Bigotry, oh yes, some Christians can be bigots, no doubt about it.  Except Martin Luther King, Jr. was a minister.  He organized his stuff through his church.

Ah, but they still go after homosexuals, don't they?  Except there is this little thing called the Phoenix Declaration, among other things.

Do you understand?

It's not the group that is bigoted.

It's individuals.

No group has exclusivity on bigotry and hatred.  No group has exclusivity on tolerance, acceptance, and understanding either. 

It's ALL about the individuals.  It always has been.

Religion is sometimes the justification.  So is gender, skin color, economic class, or any other difference.
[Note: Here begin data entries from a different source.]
(* At [tau] the solution is still within [barrier_offset ep L t tau <= 2 ep < r]
   of the box near [y t], so the outward Lipschitz bound holds on [[t, tau]] and
   [lower_barrier] applies to each face, to the upper one after negation. *)
Lemma strictly_inflated_left (t tau r L ep : R) :
  0 <= t -> t < tau -> 0 < L -> outward_lipschitz g W yl yu (y t) r L ->
  2 * L * (tau - t) <= 1 -> 0 < ep -> 2 * ep < r ->
  (forall s, t <= s <= tau -> forall j, `|y s j 0 - y t j 0| < r) ->
  (forall s, t <= s < tau -> strictly_inflated (barrier_offset ep L t s) (y s)) ->
  strictly_inflated (barrier_offset ep L t tau) (y tau).
Proof.
move=> t0 ttau L0 HL tauL ep0 epr near Hlt.
have tau0 : 0 <= tau by apply: le_trans t0 (ltW ttau).
set ph := barrier_offset ep L t tau.
have ph_s s : t <= s <= tau -> barrier_offset ep L t s <= ph.
  by move=> /andP[_ stau]; apply: barrier_offset_le.
have y_near s : t <= s <= tau -> inflated_box yl yu ph (y s).
  move=> /andP[ts]; rewrite le_eqVlt => /orP[/eqP -> | stau] j; last first.
    have [] := Hlt s ltac:(by rewrite ts stau) j.
    by have := ph_s s ltac:(by rewrite ts ltW); lra.
  split.
  + apply: (continuous_at_nonneg_lb t0 ttau (solution_continuous y_sol j tau0)).
    move=> s' /andP[ts' s'tau]; have [+ _] := Hlt s' ltac:(by rewrite ts' s'tau) j.
    by have := ph_s s' ltac:(by rewrite ts' ltW); lra.
  + apply: (continuous_at_nonneg_ub t0 ttau (solution_continuous y_sol j tau0)).
    move=> s' /andP[ts' s'tau]; have [_ +] := Hlt s' ltac:(by rewrite ts' s'tau) j.
    by have := ph_s s' ltac:(by rewrite ts' ltW); lra.
have face s : t <= s <= tau -> forall i,
    (y s i 0 <= yl i 0 -> - (L * ph) <= g (y s) (w s) i 0) /\
    (yu i 0 <= y s i 0 -> g (y s) (w s) i 0 <= L * ph).
  move=> /andP[ts stau]; apply: HL.
  + exact: le_trans (ltW ep0) (barrier_offset_ge ep0 L0 (ltW ttau)).
  + exact: le_lt_trans (barrier_offset_le2 ep0 L0 tauL) _.
  + by apply: near; rewrite ts.
  + by apply: y_near; rewrite ts.
  + exact: w_in (le_trans t0 ts).
move=> i; split.
- apply: (lower_barrier t0 ttau ep0 L0 tauL (solution_continuous y_sol i tau0)).
    by move=> s /Hlt /(_ i) [].
  move=> a /andP[ta atau] below.
  apply: (solution_increment_ge y_sol (le_trans t0 ta) (ltW atau)).
  move=> s /andP[as_ stau]; have [+ _] := face s ltac:(by rewrite (le_trans ta (ltW as_))) i.
  by apply; apply: below; rewrite as_ stau.
- suff : - yu i 0 - ph < - y tau i 0 by lra.
  apply: (lower_barrier t0 ttau ep0 L0 tauL
    (continuous_at_nonnegN (solution_continuous y_sol i tau0))).
    by move=> s /Hlt /(_ i) [_]; lra.
  move=> a /andP[ta atau] below.
  suff : y tau i 0 - y a i 0 <= L * ph * (tau - a) by rewrite -/ph; lra.
  apply: (solution_increment_le y_sol (le_trans t0 ta) (ltW atau)).
  move=> s /andP[as_ stau]; have [_ +] := face s ltac:(by rewrite (le_trans ta (ltW as_))) i.
  by apply; rewrite -lerN2; apply: below; rewrite as_ stau.
Qed.
(* The functor $(\mathbb{A}^{(S)})^{\infty}\times\textup{B}(\mathbb{Z}/p\mathbb{Z})\longrightarrow\Delta_{\mathbb{Z}/p\mathbb{Z}}$ (described in the context) is an equivalence of fibered categories.
   Context: Work over $k=\mathbb{F}_p$ with $G=\mathbb{Z}/p\mathbb{Z}$. For a ring $B$, $B((t))=B[[t]][t^{-1}]$ is the ring of Laurent series. $\Delta_{\mathbb{Z}/p\mathbb{Z}}$ is the category fibered in groupoids over the category of affine $\mathbb{F}_p$-schemes whose fiber over $\textup{Spec} B$ is the groupoid of $\mathbb{Z}/p\mathbb{Z}$-torsors over $B((t))$. By Artin–Schreier theory, for an $\mathbb{F}_p$-algebra $C$ the groupoid $\textup{B}(\mathbb{Z}/p\mathbb{Z})(C)$ of $\mathbb{Z}/p\mathbb{Z}$-torsors over $C$ is identified with the category whose objects are elements $c\in C$ (corresponding to $C[X]/(X^p-X-c)$ with action $X\mapsto X+f$, $f\in\mathbb{F}_p$) and whose morphisms $c\to d$ are elements $u\in C$ with $u^p-u+c=d$ (composition is the sum); in particular $\Delta_{\mathbb{Z}/p\mathbb{Z}}(B)$ is described this way with $C=B((t))$. Let $S=\{n\geq 1 : p\nmid n\}$ and let $\mathbb{A}^{(S)}$ be the functor on $\mathbb{F}_p$-algebras with $\mathbb{A}^{(S)}(B)$ the set of maps $b\colon S\to B$ with $\{s : b_s\neq 0\}$ finite. For a functor $X$ on affine $\mathbb{F}_p$-schemes, $X^{\infty}$ denotes the direct limit of the direct system of Frobenius morphisms $X\xrightarrow{F}X\xrightarrow{F}\cdots$. For $k\in\mathbb{N}$ define $\phi_k\colon\mathbb{A}^{(S)}\to\Delta_{\mathbb{Z}/p\mathbb{Z}}$ by $\phi_k(b)=\sum_{s\in S}b_s t^{-sp^k}\in B((t))$, and $\psi_k\colon\mathbb{A}^{(S)}\times\textup{B}(\mathbb{Z}/p\mathbb{Z})\to\Delta_{\mathbb{Z}/p\mathbb{Z}}$ by $\psi_k(b,b_0)=\phi_k(b)+b_0$. For all $b\in\mathbb{A}^{(S)}(B)$ and $b_0\in B$ there is a natural morphism $-\phi_k(b)\colon\psi_{k+1}\circ(F_{\mathbb{A}^{(S)}}\times\textup{id}_{\textup{B}(\mathbb{Z}/p\mathbb{Z})})(b,b_0)\to\psi_k(b,b_0)$ (where $F_{\mathbb{A}^{(S)}}$ is the Frobenius of $\mathbb{A}^{(S)}$), and these maps induce the functor $(\mathbb{A}^{(S)})^{\infty}\times\textup{B}(\mathbb{Z}/p\mathbb{Z})\to\Delta_{\mathbb{Z}/p\mathbb{Z}}$ of the claim. *)

From HB Require Import structures.
From mathcomp Require Import all_boot all_order all_algebra zify.
From Stdlib Require Import ClassicalEpsilon.
Set Implicit Arguments. Unset Strict Implicit. Unset Printing Implicit Defensive.
Import Order.TTheory GRing.Theory Num.Theory.
Local Open Scope ring_scope.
But in the end, it's the individual.

—NW


January 5, 2010 15:29
Um, excuse me? Make them enter the 21st Century? Make them realize? What did they do to you lately?

If it's within the Practical Grudge Limit, then by all means let's confront the individuals for the things that they have done.

Why should we make them do anything?

Do you think they should be able to make you do something?

If they haven't done anything recently, like to you and within your lifetime, you're going to have to give me a much better reason than that.

Otherwise I'm content to let them find their own path. Just as I would expect them to let me find mine.

Parity test again.


January 5, 2010 15:43
Of course it's about if "ALL Christians are X" You've told me that they can't possibly be anything else.

This would be a lot simpler if you would say "some Christians" or "the Christians who did Y."

I'm willing to bet that you wouldn't stand for these overly broad generalizations in any other context. Christians just happen to be a convenient target. If someone started saying "All Women" or "All insurance salesmen," you know it's not accurate.

Religions aren't intolerant. People are.

People take what they have, what they can find, and what they dream and work from that. Christianity no more guarantees intolerance than Paganism guarantees wisdom. As always, it's up to the individual and their choice.

—NW

Not much else I can add.

Groups aren't intolerant. Individuals are.